Investigating the evolutionary dynamics of chemical defences, warning colouration and predator learning.
In a Nutshell
Aposematism is an antipredator strategy in which chemical defences (e.g. toxicity, distastefulness) are advertised to potential predators using warning signals (such as bright colours, like a bee). Predators learn to avoid such species, and likewise avoid the costs of sub-optimal foraging. The potential prey benefits by not being eaten.
We work on many different aspects of aposematism, but broadly speaking we are interested in the initial evolution of aposematism and its ongoing maintenance. One particular interest is how aposematism is maintained when there is variation in warning signals (which theoretically makes it harder for predators to associate a signal with distastefulness). More recently, we have also become interested in the underlying diversity of <chemical defences> that aposematism signals.
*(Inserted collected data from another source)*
(* A regular semigroup is a generalized inverse semigroup if and only if it is isomorphic to a subsemigroup of a $\lambda$-semidirect product $K\rtimes_\lambda T$ of a rectangular band $K$ by an inverse semigroup $T$ (with respect to some action of $T$ on $K$).
   Context: A generalized inverse semigroup is an orthodox semigroup (regular semigroup whose idempotents form a subsemigroup) whose set of idempotents is a normal band ($efge=egfe$ for all idempotents $e,f,g$). A rectangular band is a semigroup satisfying $xx=x$ and $xyz=xz$. Let $K$ be a semigroup and $T$ an inverse semigroup; $T$ acts on $K$ if an antihomomorphism $t\mapsto\varepsilon_t$ from $T$ into the endomorphism monoid of $K$ is given (so $\varepsilon_u\varepsilon_t=\varepsilon_{tu}$); write ${}^t a$ for $a\varepsilon_t$. The $\lambda$-semidirect product $K\rtimes_\lambda T$ is the set $\{(a,t)\in K\times T: {}^{tt^{-1}}a=a\}$ with multiplication $(a,t)(b,u)=({}^{(tu)(tu)^{-1}}a\cdot {}^t b,\ tu)$. *)

Set Implicit Arguments.

Section Semigroups.
Variable S : Type.
Variable m : S -> S -> S.

Definition associative_op : Prop := forall x y z, m x (m y z) = m (m x y) z.

Definition idempotent (e : S) : Prop := m e e = e.

Definition regular : Prop := forall a, exists x, m (m a x) a = a.

Definition orthodox : Prop :=
  regular /\ forall e f, idempotent e -> idempotent f -> idempotent (m e f).

Definition idempotents_normal_band : Prop :=
  forall e f g, idempotent e -> idempotent f -> idempotent g ->
    m (m (m e f) g) e = m (m (m e g) f) e.

Definition generalized_inverse : Prop := orthodox /\ idempotents_normal_band.

Definition rectangular_band : Prop :=
  (forall x, m x x = x) /\ (forall x y z, m (m x y) z = m x z).

(* inverse semigroup, presented with its inversion map: inv t is an inverse
   of t (t t' t = t, t' t t' = t') and it is the unique such inverse. *)
Definition inverse_semigroup_with (inv : S -> S) : Prop :=
  (forall t, m (m t (inv t)) t = t /\ m (m (inv t) t) (inv t) = inv t) /\
  (forall t s, m (m t s) t = t -> m (m s t) s = s -> s = inv t).

End Semigroups.

Section Action.
Variables (K T : Type) (mK : K -> K -> K) (mT : T -> T -> T).

(* t |-> eps_t, each eps_t an endomorphism of K, antihomomorphism into
   End(K) written on the right: eps_u eps_t = eps_{tu}, i.e.
   ^{tu} a = ^t (^u a), where act t a = ^t a = a eps_t. *)
Definition semigroup_action (act : T -> K -> K) : Prop :=
  (forall t a b, act t (mK a b) = mK (act t a) (act t b)) /\
  (forall t u a, act (mT t u) a = act t (act u a)).

Variables (inv : T -> T) (act : T -> K -> K).

Definition lsd_carrier (p : K * T) : Prop :=
  act (mT (snd p) (inv (snd p))) (fst p) = fst p.

Definition lsd_mul (p q : K * T) : K * T :=
  let tu := mT (snd p) (snd q) in
  (mK (act (mT tu (inv tu)) (fst p)) (act (snd p) (fst q)), tu).

End Action.

From Stdlib Require Import FunctionalExtensionality PropExtensionality ProofIrrelevance
  IndefiniteDescription.
Set Implicit Arguments.

(* Let a ~ b when a and b have the same inverses.  In a generalized inverse
   semigroup S this is a congruence, and T = S/~ is an inverse semigroup: every
   idempotent class contains an idempotent, and ef ~ fe for idempotents e, f.
   Idempotents e ~ f are interchangeable between any two factors, x e y = x f y,
   so T acts on left and on right translations by idempotents of S (each tagged
   by an element of T).  With K the rectangular band of pairs (left part, right
   part), sending x to the translations by xx' and x'x together with x~ embeds S
   into K ⋊_λ T; it is injective because x' is an inverse of every element of x~.
   Conversely, the idempotents of K ⋊_λ T are the pairs (a, e) with e idempotent
   and ^e a = a; they are closed under products and satisfy efge = egfe, and both
   properties pass to a semigroup embedded in K ⋊_λ T. *)

Ltac with_assoc k :=
  match goal with A : associative_op ?op |- context [?op _ _] => k A op end.

Ltac assoc_norm := with_assoc ltac:(fun A op => repeat rewrite A).

Ltac assoc_norm_in H :=
  match goal with
  | A : associative_op ?op |- _ =>
      match type of H with context [op _ _] => repeat rewrite A in H end
  end.

Ltac prefix_word op P t :=
  lazymatch t with
  | op ?u ?v => let u' := prefix_word op P u in constr:(op u' v)
  | _ => constr:(op P t)
  end.

(* Products are kept left-associated, where an equation [l = r] matches only
   prefixes of words; its re-associated form [P l = P r] matches [l] elsewhere. *)
Ltac rewrite_in_word A op H :=
  first
    [ rewrite H
    | lazymatch type of H with
      | @eq ?T ?l ?r =>
          let HP := fresh "HP" in
          assert (HP : forall P : T,
                    ltac:(let a := prefix_word op P l in
                          let b := prefix_word op P r in exact (a = b)));
          [ let P := fresh "P" in let E := fresh "E" in
            intro P; pose proof (f_equal (op P) H) as E;
            repeat rewrite A in E; exact E
          | rewrite HP; clear HP ]
      end ].

Tactic Notation "rw_word" constr(t) :=
  with_assoc ltac:(fun A op =>
    let H := fresh "H" in
    pose proof t as H; try unfold idempotent in H; repeat rewrite A in H;
    rewrite_in_word A op H; clear H).

Tactic Notation "rw_word" "<-" constr(t) :=
  with_assoc ltac:(fun A op =>
    let H := fresh "H" in
    pose proof t as H; try unfold idempotent in H; repeat rewrite A in H;
    symmetry in H; rewrite_in_word A op H; clear H).

Ltac via E := transitivity E; [symmetry; assoc_norm | assoc_norm].

(* [image g] serves as the quotient of [A] by the kernel of [g]. *)
Section Image.
Variables (A B : Type) (g : A -> B).

Definition image : Type := {y : B | exists a, y = g a}.

Definition im (a : A) : image := exist _ (g a) (ex_intro _ a eq_refl).

Definition repr (y : image) : A :=
  proj1_sig (constructive_indefinite_description _ (proj2_sig y)).

Lemma im_eq a b : g a = g b -> im a = im b.
Proof. intro E. apply subset_eq_compat. exact E. Qed.

Lemma im_inj a b : im a = im b -> g a = g b.
Proof. intro E. exact (f_equal (@proj1_sig _ _) E). Qed.

Lemma im_repr y : im (repr y) = y.
Proof.
  destruct y as [b Hb]. unfold repr; simpl.
  destruct (constructive_indefinite_description _ _) as [a Ha]; simpl.
  apply subset_eq_compat. symmetry. exact Ha.
Qed.

Lemma repr_im a : g (repr (im a)) = g a.
Proof. apply im_inj. apply im_repr. Qed.

Lemma image_ind (P : image -> Prop) : (forall a, P (im a)) -> forall y, P y.
Proof. intros H y. rewrite <- (im_repr y). apply H. Qed.

End Image.

Arguments im {A B} g a.
Arguments repr {A B g} y.

Section Inverses.
Variables (S : Type) (m : S -> S -> S).
Hypothesis assoc : associative_op m.

Definition is_inverse (a z : S) : Prop := m (m a z) a = a /\ m (m z a) z = z.

Lemma is_inverse_sym a z : is_inverse a z -> is_inverse z a.
Proof. intros [H1 H2]. split; assumption. Qed.

Lemma idempotent_mul_inverse a z : is_inverse a z -> idempotent m (m a z).
Proof. intros [H1 _]. unfold idempotent. assoc_norm. rw_word H1. reflexivity. Qed.

Lemma idempotent_inverse_mul a z : is_inverse a z -> idempotent m (m z a).
Proof. intros [_ H2]. unfold idempotent. assoc_norm. rw_word H2. reflexivity. Qed.

Lemma is_inverse_idempotent e : idempotent m e -> is_inverse e e.
Proof. intro He. unfold idempotent in He. split; rewrite !He; reflexivity. Qed.

Lemma regular_is_inverse : regular m -> forall a, exists z, is_inverse a z.
Proof.
  intros reg a. destruct (reg a) as [x H]. exists (m (m x a) x).
  split; assoc_norm; rw_word H; rw_word H; reflexivity.
Qed.

End Inverses.

Lemma inverse_semigroup_of_idempotents_commute (T : Type) (mT : T -> T -> T) (inv : T -> T) :
  associative_op mT ->
  (forall t, is_inverse mT t (inv t)) ->
  (forall e f, idempotent mT e -> idempotent mT f -> mT e f = mT f e) ->
  inverse_semigroup_with mT inv.
Proof.
  intros assocT inv_inverse comm. split; [exact inv_inverse |].
  intros t s H1 H2. destruct (inv_inverse t) as [J1 J2].
  pose proof (idempotent_inverse_mul assocT (conj H1 H2)) as Est.
  pose proof (idempotent_mul_inverse assocT (conj H1 H2)) as Ets.
  pose proof (idempotent_inverse_mul assocT (inv_inverse t)) as Eit.
  pose proof (idempotent_mul_inverse assocT (inv_inverse t)) as Eti.
  transitivity (mT (mT (inv t) t) s).
  - via (mT (mT (mT (mT s t) (inv t)) t) s).
    + rw_word J1. rw_word H2. reflexivity.
    + rw_word (comm _ _ Est Eit). rw_word H1. reflexivity.
  - symmetry. via (mT (mT (mT (mT (inv t) t) s) t) (inv t)).
    + rw_word H1. rw_word J2. reflexivity.
    + rw_word (comm _ _ Ets Eti). rw_word J2. reflexivity.
Qed.

Section InverseSemigroup.
Variables (T : Type) (mT : T -> T -> T) (inv : T -> T).
Hypotheses (assocT : associative_op mT) (invT : inverse_semigroup_with mT inv).

Lemma inv_is_inverse t : is_inverse mT t (inv t).
Proof. exact (proj1 invT t). Qed.

Lemma is_inverse_inv t s : is_inverse mT t s -> s = inv t.
Proof. intros [H1 H2]. exact (proj2 invT t s H1 H2). Qed.

Lemma inv_idempotent e : idempotent mT e -> inv e = e.
Proof. intro He. symmetry. apply is_inverse_inv, is_inverse_idempotent, He. Qed.

Lemma idempotent_mul_inv t : idempotent mT (mT t (inv t)).
Proof. exact (idempotent_mul_inverse assocT (inv_is_inverse t)). Qed.

Lemma idempotent_inv_mul t : idempotent mT (mT (inv t) t).
Proof. exact (idempotent_inverse_mul assocT (inv_is_inverse t)). Qed.

(* [f x e] is an inverse of [e f] whenever [x] is; by uniqueness it equals [x],
   which is then idempotent and its own inverse. *)
Lemma idempotent_mul e f : idempotent mT e -> idempotent mT f -> idempotent mT (mT e f).
Proof.
  intros He Hf. unfold idempotent in He, Hf.
  set (x := inv (mT e f)).
  destruct (inv_is_inverse (mT e f)) as [Hx1 Hx2]. fold x in Hx1, Hx2.
  assoc_norm_in Hx1. assoc_norm_in Hx2.
  assert (Ex : mT (mT f x) e = x).
  { apply is_inverse_inv. split; assoc_norm.
    - rw_word Hf. rw_word He. exact Hx1.
    - rw_word He. rw_word Hf. rw_word Hx2. reflexivity. }
  assert (Hxx : mT x x = x)
    by (rewrite <- Ex at 1 2; assoc_norm; rw_word Hx2; assoc_norm; exact Ex).
  assert (E1 : mT e f = inv x) by (apply is_inverse_inv; split; assoc_norm; assumption).
  assert (E2 : x = inv x) by (apply is_inverse_inv; split; rewrite !Hxx; reflexivity).
  unfold idempotent. rewrite E1, <- E2. exact Hxx.
Qed.

Lemma idempotent_comm e f : idempotent mT e -> idempotent mT f -> mT e f = mT f e.
Proof.
  intros He Hf.
  pose proof (idempotent_mul He Hf) as Hef. pose proof (idempotent_mul Hf He) as Hfe.
  rewrite (is_inverse_inv (is_inverse_idempotent Hef)).
  symmetry. apply is_inverse_inv. unfold idempotent in *. split; assoc_norm.
  - rw_word He. rw_word Hf. rw_word Hef. reflexivity.
  - rw_word Hf. rw_word He. rw_word Hfe. reflexivity.
Qed.

Lemma inv_mul t u : inv (mT t u) = mT (inv u) (inv t).
Proof.
  pose proof (idempotent_comm (idempotent_mul_inv u) (idempotent_inv_mul t)) as C.
  destruct (inv_is_inverse t) as [Jt1 Jt2]. destruct (inv_is_inverse u) as [Ju1 Ju2].
  symmetry. apply is_inverse_inv. split; assoc_norm.
  - rw_word C. rw_word Jt1. rw_word Ju1. reflexivity.
  - rw_word <- C. rw_word Jt2. rw_word Ju2. reflexivity.
Qed.

Lemma inv_mul_absorb_l t u :
  mT (mT (inv u) u) (mT (inv (mT t u)) (mT t u)) = mT (inv (mT t u)) (mT t u).
Proof.
  rewrite inv_mul. destruct (inv_is_inverse u) as [_ J]. assoc_norm. rw_word J. reflexivity.
Qed.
Our studies cover a wide scope, including:
- the selection pressures acting on aposematic prey
- the optimality of signalling
- trade-offs in signal expression
- geographic variation in warning signals
- the evolution of Batesian (harmless prey imitates aposematic prey) and Müllerian (aposematic prey imitates another aposematic prey) mimicry.
Our study systems for aposematism are wood tiger moths, snakes, and poison frogs. We also do many studies using wild bird predators and artificial prey in the lab.
- Alatalo RV & Mappes J. 1996: Tracking the evolution of warning signals – Nature 383: 708-710.
- Mappes J, Marples N, Endler JA. 2005: The complex business of survival by aposematism. Trends in Ecology and Evolution 20: 598-603.
- Thorogood R, Kokko H & Mappes J. 2018: Social transmission of avoidance among predators facilitates the spread of novel prey. Nature Ecology and Evolution 2, 254–261
Signal polymorphism in the wood tiger moth,
Our main study species expresses polymorphic colouration between and within populations despite strong frequency-dependent selection on warning signals (see Lindström et al 2001).
We have discovered that this colour polymorphism is an outcome of multiple, sometimes conflicting, selection pressures.
For example, our experiments show that, in Scandinavia, yellow morphs are better protected against avian predators but white morphs have better mating success (Nokelainen et al. 2012). Attack risk can also vary between morphs depending on the predator community composition: yellow males are better protected when Paridae (e.g. great tits) are abundant, whereas white males have the advantage when Prunellidae (dunnocks) are abundant (Nokelainen et al. 2014).
Furthermore, there are trade-offs between warning signal efficacy and thermoregulation (Hegna et al. 2013). Not to mention genetic correlations between colouration and immunity mechanisms (Nokelainen et al. 2013).
Taken together, our results are indicative of a more complex dynamic between predators and aposematic prey than suggested by classic views of positive frequency-dependent selection favouring local morphs.